ACTIVITY.
Only the line containing "forall (X : Ob" and those after it, up to the end of the records below, are to be set down, exactly as written.

Saved data entries.
+---+

(* Let $\mathcal{A}$ be an additive category and $\Phi\colon\mathcal{A}\to\mathcal{A}$ an automorphism of additive categories, and let $i\colon\mathcal{A}\to\mathcal{A}_\Phi[t]$ be the inclusion. (1) Let $M$ be a $\mathbb{Z}\mathcal{A}_\Phi[t]$-module. If $\mathrm{pdim}_{\mathbb{Z}\mathcal{A}}(i^*M)\le d$, then $\mathrm{pdim}_{\mathbb{Z}\mathcal{A}_\Phi[t]}(M)\le d+1$. (2) If $\mathcal{A}$ has global dimension $\le d$, then $\mathcal{A}_\Phi[t]$ has global dimension $\le d+1$.
   Context: $\mathcal{A}_\Phi[t]$ has the objects of $\mathcal{A}$ and morphisms $A\to B$ finite sums $\sum_{k\ge0}f_kt^k$ with $f_k\colon\Phi^k(A)\to B$, composed by $(\sum_jg_jt^j)\circ(\sum_kf_kt^k)=\sum_n(\sum_{j+k=n}g_j\circ\Phi^j(f_k))t^n$; $i$ sends $f$ to $f\cdot t^0$. For an additive category $\mathcal{B}$, a $\mathbb{Z}\mathcal{B}$-module is an additive contravariant functor $\mathcal{B}\to$ abelian groups; $i^*$ denotes restriction along $i$ (precomposition). $\mathrm{pdim}_{\mathbb{Z}\mathcal{B}}(M)\le d$ means there is an exact sequence $0\to P_d\to\cdots\to P_0\to M\to0$ of projective $\mathbb{Z}\mathcal{B}$-modules; $\mathcal{B}$ has global dimension $\le d$ if every $\mathbb{Z}\mathcal{B}$-module has projective dimension $\le d$. *)

From Stdlib Require Import Lia.
From mathcomp Require Import all_boot.

From mathcomp Require Import zify.

Set Implicit Arguments. Unset Strict Implicit. Unset Printing Implicit Defensive.

Definition abgroup_laws (T : Type) (z : T) (a : T -> T -> T) (o : T -> T) : Prop :=
  [/\ forall x y w, a x (a y w) = a (a x y) w, forall x y, a x y = a y x,
      forall x, a z x = x & forall x, a (o x) x = z].

Lemma abg_idem T (z : T) a o : abgroup_laws z a o -> forall x : T, a x x = x -> x = z.
Proof.
case=> aA aC a0 aN x hx.
have h : a (o x) (a x x) = a (o x) x by rewrite hx.
by rewrite aA aN a0 in h.
Qed.

Record rawcat := RawCat {
  Ob : Type;
  Hom : Ob -> Ob -> Type;
  hzero : forall X Y, Hom X Y;
  hadd : forall X Y, Hom X Y -> Hom X Y -> Hom X Y;
  hopp : forall X Y, Hom X Y -> Hom X Y;
  comp : forall X Y Z, Hom Y Z -> Hom X Y -> Hom X Z;
  idm : forall X, Hom X X }.
Arguments Hom {_} X Y.
Arguments hzero {_ X Y}.
Arguments hadd {_ X Y}.
Arguments hopp {_ X Y}.
Arguments comp {_ X Y Z}.
Arguments idm {_} X.

Definition preadditive (C : rawcat) : Prop :=
  [/\ forall X Y : Ob C, abgroup_laws (@hzero C X Y) hadd hopp,
      forall (W X Y Z : Ob C) (h : Hom Y Z) (g : Hom X Y) (f : Hom W X),
        comp h (comp g f) = comp (comp h g) f,
      forall (X Y : Ob C) (f : Hom X Y), comp (idm Y) f = f /\ comp f (idm X) = f,
      forall (X Y Z : Ob C) (g g' : Hom Y Z) (f : Hom X Y),
        comp (hadd g g') f = hadd (comp g f) (comp g' f)
    & forall (X Y Z : Ob C) (g : Hom Y Z) (f f' : Hom X Y),
        comp g (hadd f f') = hadd (comp g f) (comp g f')].

Definition has_zero_object (C : rawcat) : Prop :=
  exists Z : Ob C, idm Z = hzero.

Definition has_biproducts (C : rawcat) : Prop :=
  forall X Y : Ob C, exists (P : Ob C) (p1 : Hom P X) (p2 : Hom P Y)
                            (i1 : Hom X P) (i2 : Hom Y P),
    [/\ comp p1 i1 = idm X, comp p2 i2 = idm Y, comp p1 i2 = hzero,
        comp p2 i1 = hzero & hadd (comp i1 p1) (comp i2 p2) = idm P].

Definition additive (C : rawcat) : Prop :=
  [/\ preadditive C, has_zero_object C & has_biproducts C].

Record rawfunctor (C D : rawcat) := RawFunctor {
  fobj : Ob C -> Ob D;
  fmap : forall X Y : Ob C, Hom X Y -> Hom (fobj X) (fobj Y) }.
Arguments fmap {_ _} _ {X Y}.

Definition additive_functor (C D : rawcat) (F : rawfunctor C D) : Prop :=
  [/\ forall X : Ob C, fmap F (idm X) = idm (fobj F X),
      forall (X Y Z : Ob C) (g : Hom Y Z) (f : Hom X Y),
        fmap F (comp g f) = comp (fmap F g) (fmap F f)
    & forall (X Y : Ob C) (f f' : Hom X Y), fmap F (hadd f f') = hadd (fmap F f) (fmap F f')].

Definition automorphism (C : rawcat) (F : rawfunctor C C) : Prop :=
  [/\ additive_functor F, bijective (fobj F)
    & forall X Y : Ob C, bijective (@fmap C C F X Y)].

(* ZC-modules: additive contravariant functors C -> abelian groups.   *)
Record rawmodule (C : rawcat) := RawModule {
  mob : Ob C -> Type;
  mzero : forall X, mob X;
  madd : forall X, mob X -> mob X -> mob X;
  mopp : forall X, mob X -> mob X;
  mact : forall X Y : Ob C, Hom X Y -> mob Y -> mob X }.
Arguments mzero {_} _ X.
Arguments madd {_} _ {X}.
Arguments mopp {_} _ {X}.
Arguments mact {_} _ {X Y}.

Definition module_laws (C : rawcat) (M : rawmodule C) : Prop :=
  [/\ forall X, abgroup_laws (mzero M X) (@madd C M X) (@mopp C M X),
      forall (X Y : Ob C) (f : Hom X Y) (x y : mob M Y),
        mact M f (madd M x y) = madd M (mact M f x) (mact M f y),
      forall (X Y : Ob C) (f g : Hom X Y) (x : mob M Y),
        mact M (hadd f g) x = madd M (mact M f x) (mact M g x),
      forall (X : Ob C) (x : mob M X), mact M (idm X) x = x
    & forall (X Y Z : Ob C) (g : Hom Y Z) (f : Hom X Y) (x : mob M Z),
        mact M (comp g f) x = mact M f (mact M g x)].

Record module (C : rawcat) := Module {
  mraw :> rawmodule C;
  mlaws : module_laws mraw }.

Definition modmap (C : rawcat) (M N : rawmodule C) := forall X : Ob C, mob M X -> mob N X.

Definition is_modhom (C : rawcat) (M N : rawmodule C) (h : modmap M N) : Prop :=
  (forall X (x y : mob M X), h X (madd M x y) = madd N (h X x) (h X y)) /\
  (forall (X Y : Ob C) (f : Hom X Y) (x : mob M Y), h X (mact M f x) = mact N f (h Y x)).

Definition epi_modhom (C : rawcat) (M N : rawmodule C) (h : modmap M N) : Prop :=
  is_modhom h /\ forall X (y : mob N X), exists x, h X x = y.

+---+

EXERCISE ANSWER.
      forall (X : Ob C) (x : mob M X), mact M (idm X) x = x
    & forall (X Y Z : Ob C) (g : Hom Y Z) (f : Hom X Y) (x : mob M Z),
        mact M (comp g f) x = mact M f (mact M g x)].

Record module (C : rawcat) := Module {
  mraw :> rawmodule C;
  mlaws : module_laws mraw }.

Definition modmap (C : rawcat) (M N : rawmodule C) := forall X : Ob C, mob M X -> mob N X.

Definition is_modhom (C : rawcat) (M N : rawmodule C) (h : modmap M N) : Prop :=
  (forall X (x y : mob M X), h X (madd M x y) = madd N (h X x) (h X y)) /\
  (forall (X Y : Ob C) (f : Hom X Y) (x : mob M Y), h X (mact M f x) = mact N f (h Y x)).

Definition epi_modhom (C : rawcat) (M N : rawmodule C) (h : modmap M N) : Prop :=
  is_modhom h /\ forall X (y : mob N X), exists x, h X x = y.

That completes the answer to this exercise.